Pero es que yo - y unos cuantos más, me parece - no tenemos remedio. Somos arrogantes, provocamos, ejercemos incontinentemente nuestra libertad de expresión. Así no hay musulmán fervoroso ni marido bestia que puedan vivir tranquilos. Así no hay quien saque adelante ni un matrimonio en crisis, ni una alianza de civilizaciones, ni siquiera un mal "proceso de paz". Seguro que también en esto estaban de acuerdo el canónigo valenciano y el Presidente del Gobierno. Y algún obispo vasco que otro, puestos a hablar de curas.

(*) Clerical: 2. adj. Marcadamente afecto y sumiso al clero y a sus directrices. (DRAE)

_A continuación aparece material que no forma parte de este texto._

(* Let $G=(V,E)$ be an atomic bispanning graph with vertex-connectivity $2$ which is the $2$-clique sum of two simple bispanning graphs $G_1=(V_1,E_1)$ and $G_2=(V_2,E_2)$ at edges $d_1\in E_1$ and $d_2\in E_2$ (i.e. $G$ arises from the disjoint union of $G_1,G_2$ by identifying the ends of $d_1$ with those of $d_2$ and deleting $d_1,d_2$). Let $$V_\eta=\{((S_1,T_1),(S_2,T_2))\in V_{\tau(G_1)}\times V_{\tau(G_2)}:\text{not }((d_1\in S_1\text{ and }d_2\in S_2)\text{ or }(d_1\in T_1\text{ and }d_2\in T_2))\}.$$ Then there is a bijection $\varphi_v:V_{\tau(G)}\to V_\eta$.
   Context: Graphs are finite, undirected, may have parallel edges, no loops. A spanning tree of $H$ is an edge set $T$ with $(V(H),T)$ connected and acyclic; $H$ is bispanning if its edge set is the union of two disjoint spanning trees; a bispanning graph is atomic if its only bispanning subgraphs are itself and single vertices. Vertex-connectivity is the largest $k$ with $|V|>k$ such that deleting fewer than $k$ vertices leaves the graph connected. For a bispanning graph $H$, $V_{\tau(H)}$ is the set of ordered pairs $(S,T)$ of disjoint spanning trees of $H$ whose union is the edge set of $H$. *)

From mathcomp Require Import all_boot.
Set Implicit Arguments. Unset Strict Implicit. Unset Printing Implicit Defensive.

(* A finite multigraph: vertex type, edge type, and the two ends of each edge
   (the orientation of the pair is irrelevant everywhere below). No loops. *)
Record mgraph := MGraph {
  gV : finType;
  gE : finType;
  gends : gE -> gV * gV;
  gnoloop : forall e, (gends e).1 != (gends e).2 }.

Section Defs.
Variable G : mgraph.
Local Notation V := (gV G).
Local Notation E := (gE G).
Local Notation ends := (gends (m:=G)).

Definition joins (e : E) (u v : V) : bool :=
  (ends e == (u, v)) || (ends e == (v, u)).

Definition adj (F : {set E}) : rel V :=
  fun u v => [exists e in F, joins e u v].

Definition connected_on (W : {set V}) (F : {set E}) : bool :=
  [forall u in W, forall v in W, connect (adj F) u v].

Definition acyclic (F : {set E}) : bool :=
  [forall e in F, ~~ connect (adj (F :\ e)) (ends e).1 (ends e).2].

Definition spanning_tree_on (W : {set V}) (F T : {set E}) : bool :=
  [&& T \subset F, connected_on W T & acyclic T].

Definition spanning_tree (T : {set E}) : bool := spanning_tree_on setT setT T.

Definition is_subgraph (W : {set V}) (F : {set E}) : Prop :=
  W != set0 /\ forall e, e \in F -> ((ends e).1 \in W) && ((ends e).2 \in W).

Definition bispanning_on (W : {set V}) (F : {set E}) : Prop :=
  exists S T : {set E}, [/\ spanning_tree_on W F S, spanning_tree_on W F T,
                          [disjoint S & T] & S :|: T = F].

Definition bispanning : Prop := bispanning_on setT setT.

Definition atomic : Prop :=
  bispanning /\
  forall (W : {set V}) (F : {set E}), is_subgraph W F -> bispanning_on W F ->
    (W = setT /\ F = setT) \/ #|W| = 1.

(* simple: no parallel edges (no loops holds by construction) *)
Definition simple_graph : Prop :=
  forall e f : E, e != f -> ~~ joins f (ends e).1 (ends e).2.

Definition connected_after_deleting (X : {set V}) : Prop :=
  forall u v, u \notin X -> v \notin X ->
    connect (adj [set e | ((ends e).1 \notin X) && ((ends e).2 \notin X)]) u v.

Definition vconn_ge (k : nat) : Prop :=
  k < #|V| /\ forall X : {set V}, #|X| < k -> connected_after_deleting X.

(* vertex-connectivity equals 2 (the admissible k are downward closed) *)
Definition vertex_connectivity_two : Prop := vconn_ge 2 /\ ~ vconn_ge 3.

Definition Vtau : {set {set E} * {set E}} :=
  [set p | [&& spanning_tree p.1, spanning_tree p.2,
              [disjoint p.1 & p.2] & p.1 :|: p.2 == setT]].

End Defs.

(* G is (isomorphic to) the 2-clique sum of G1 and G2 at d1 and d2: the
   vertices of G are those of G1 and G2 with the ends of d1 identified with
   the ends of d2 (first with first, second with second), and the edges of G
   are those of G1 other than d1 together with those of G2 other than d2. *)
Definition clique_sum2 (G G1 G2 : mgraph) (d1 : gE G1) (d2 : gE G2) : Prop :=
  exists (i1 : gV G1 -> gV G) (i2 : gV G2 -> gV G)
         (j1 : gE G1 -> gE G) (j2 : gE G2 -> gE G),
  [/\ injective i1 /\ injective i2,
      i1 (gends d1).1 = i2 (gends d2).1 /\ i1 (gends d1).2 = i2 (gends d2).2,
      (forall x y, i1 x = i2 y ->
         (x = (gends d1).1 /\ y = (gends d2).1) \/
         (x = (gends d1).2 /\ y = (gends d2).2)) /\
      (forall v : gV G, (exists x, i1 x = v) \/ (exists y, i2 y = v)),
      (forall e e', e != d1 -> e' != d1 -> j1 e = j1 e' -> e = e') /\
      (forall e e', e != d2 -> e' != d2 -> j2 e = j2 e' -> e = e') /\
      (forall e1 e2, e1 != d1 -> e2 != d2 -> j1 e1 <> j2 e2) /\
      (forall e : gE G, (exists e1, e1 != d1 /\ j1 e1 = e) \/
                        (exists e2, e2 != d2 /\ j2 e2 = e)) &
      (forall e, e != d1 -> joins (j1 e) (i1 (gends e).1) (i1 (gends e).2)) /\
      (forall e, e != d2 -> joins (j2 e) (i2 (gends e).1) (i2 (gends e).2))].

Arguments clique_sum2 : clear implicits.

viernes, 10 de febrero de 2006

Laicismo

Una de las muchas verdades indiscutibles que anidan en el sobreentendido colectivo de los occidentales, en ese depósito de lugares comunes sacrosantos que rara vez nos molestamos en examinar con detenimiento ni en tratar de poner en orden, es el de que todas las religiones son más o menos equivalentes e igualmente dignas de respeto. Usted póngale a un rito, una compulsión, una idea fija o una manía cualquiera la etiqueta de creencia religiosa, y automáticamente la habrá convertido en intocable y la habrá equiparado, consista en lo que consista, con todos los demás fenómenos que hayan merecido esa honrosa clasificación.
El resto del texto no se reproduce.